Lemma hmeet_greatest {n} (f : Heap) (h : HTuple (S n)) :
  (forall k, hext f (h k)) -> hext f (hmeet h).
Proof.
  intros Hf p v Hp. simpl. unfold hmeet_fun. rewrite (Hf Fin.F1 p v Hp).
  destruct (excluded_middle_informative _) as [_|Hn]; [reflexivity|].
  exfalso; apply Hn; intros k; apply Hf, Hp.
Qed.

Lemma Delta_hmeet {n} (X : Heap -> Prop) (h : HTuple (S n)) :
  hupclosed X -> (Delta (S n) X h <-> X (hmeet h)).
Proof.
  intros HX; split.
  - intros [f [Xf Hf]]. apply (HX f); auto. apply hmeet_greatest, Hf.
  - intros Hm. exists (hmeet h). split; [exact Hm | apply hmeet_lower].
Qed.

Lemma Delta_and {n} (X Y : Heap -> Prop) (h : HTuple (S n)) :
  hupclosed X -> hupclosed Y ->
  (Delta (S n) (fun g => X g /\ Y g) h <-> Delta (S n) X h /\ Delta (S n) Y h).
Proof.
  intros HX HY. rewrite !Delta_hmeet; [reflexivity | auto ..].
  intros g g' H [A B]; split; [apply (HX g) | apply (HY g)]; auto.
Qed.

Lemma Delta_all {n} (X : Z -> Heap -> Prop) (h : HTuple (S n)) :
  (forall v, hupclosed (X v)) ->
  (Delta (S n) (fun g => forall v, X v g) h <-> forall v, Delta (S n) (X v) h).
Proof.
  intros HX. rewrite Delta_hmeet.
  - split; intros H v; [apply Delta_hmeet | apply (Delta_hmeet (X v))]; auto.
  - intros g g' Hg Hv v. apply (HX v g); auto.
Qed.

Lemma Delta_star {n} (X Y : Heap -> Prop) (h : HTuple (S n)) :
  Delta (S n) (hstar X Y) h <-> tstar (Delta (S n) X) (Delta (S n) Y) h.
Proof.
  split.
  - intros [c [[a [b [Xa [Yb J]]]] Hc]].
    assert (Hak : forall k, hext a (h k))
      by (intros k; apply hext_trans with c; [apply (hjoin_hext_l a b), J | apply Hc]).
    exists (fun _ => a), (fun k => hdiff (h k) a). split; [|split].
    + exists a. split; [exact Xa | intros k; apply hext_refl].
    + exists b. split; [exact Yb|]. intros k. apply (hjoin_hext_hdiff a b c); auto.
    + intros k. apply hjoin_hdiff, Hak.
  - intros [f [g [[a [Xa Ha]] [[b [Yb Hb]] J]]]].
    exists (hunion a b). split.
    + exists a, b. repeat split; auto.
      apply (hjoin_hunion a b (f Fin.F1) (g Fin.F1) (h Fin.F1)); auto.
    + intros k. apply (hjoin_hunion a b (f k) (g k) (h k)); auto.
Qed.

Lemma Delta_sem {Prim : Type} (prim_sem : Prim -> env -> Heap -> Prop)
    (n : nat) (rho : avar -> IRel 1) (rho' : avar -> IRel (S n))
    (Hrho : forall (a : avar) (h : HTuple (S n)),
        Delta (S n) (at1 (irel (rho a))) h <-> irel (rho' a) h)
    (phi : assertion Prim) :
  forall eta (h : HTuple (S n)),
    Delta (S n) (at1 (sem prim_sem 1 rho phi eta)) h <->
    sem prim_sem (S n) rho' phi eta h.
Proof.
  pose proof (fun psi eta => at1_upclosed _ (sem_upclosed prim_sem 1 rho psi eta))
    as Hup.
  induction phi as [P | a | | | phi1 IHphi1 phi2 IHphi2 | phi1 IHphi1 phi2 IHphi2
                  | phi1 IHphi1 phi2 IHphi2 | x phi IHphi | x phi IHphi];
    intros eta h; simpl.
  - apply Delta_Delta1.
  - apply Hrho.
  - split; [intros _; exact I | intros _; apply Delta_true].
  - split; [intros [f [[] _]] | intros []].
  - rewrite <- IHphi1, <- IHphi2. apply Delta_and; apply Hup.
  - rewrite <- IHphi1, <- IHphi2. apply Delta_or.
  - rewrite (Delta_ext _ _ (hstar (at1 (sem prim_sem 1 rho phi1 eta))
                                  (at1 (sem prim_sem 1 rho phi2 eta))))
      by (intros g; apply at1_tstar; apply sem_upclosed).
    rewrite Delta_star. apply tstar_ext; auto.
  - unfold at1 at 1. rewrite Delta_ex.
    split; intros [v Hv]; exists v; apply IHphi; exact Hv.
  - unfold at1 at 1. rewrite Delta_all by (intros v; apply Hup).
    split; intros Hv v; apply IHphi; apply Hv.
Qed.

Theorem mainTheorem2 (Prim : Type) (prim_sem : Prim -> env -> Heap -> Prop)
  (n : nat) (Hn : 1 <= n) (phi : assertion Prim) (eta : env)
  (rho : avar -> IRel 1) (rho' : avar -> IRel n)
  (Hrho : forall (a : avar) (h : HTuple n),
      Delta n (fun g => irel (rho a) (as1 g)) h <-> irel (rho' a) h) :
  forall h : HTuple n,
    Delta n (fun g => sem prim_sem 1 rho phi eta (as1 g)) h <->
    sem prim_sem n rho' phi eta h.
Proof.
  destruct n as [|m]; [lia|].
  apply Delta_sem; exact Hrho.
Qed.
○ ○ ○ ○
■ Work to complete: For the data above, count every line in which the string "hupclosed" appears, and answer with the count only.

■ Output below: 3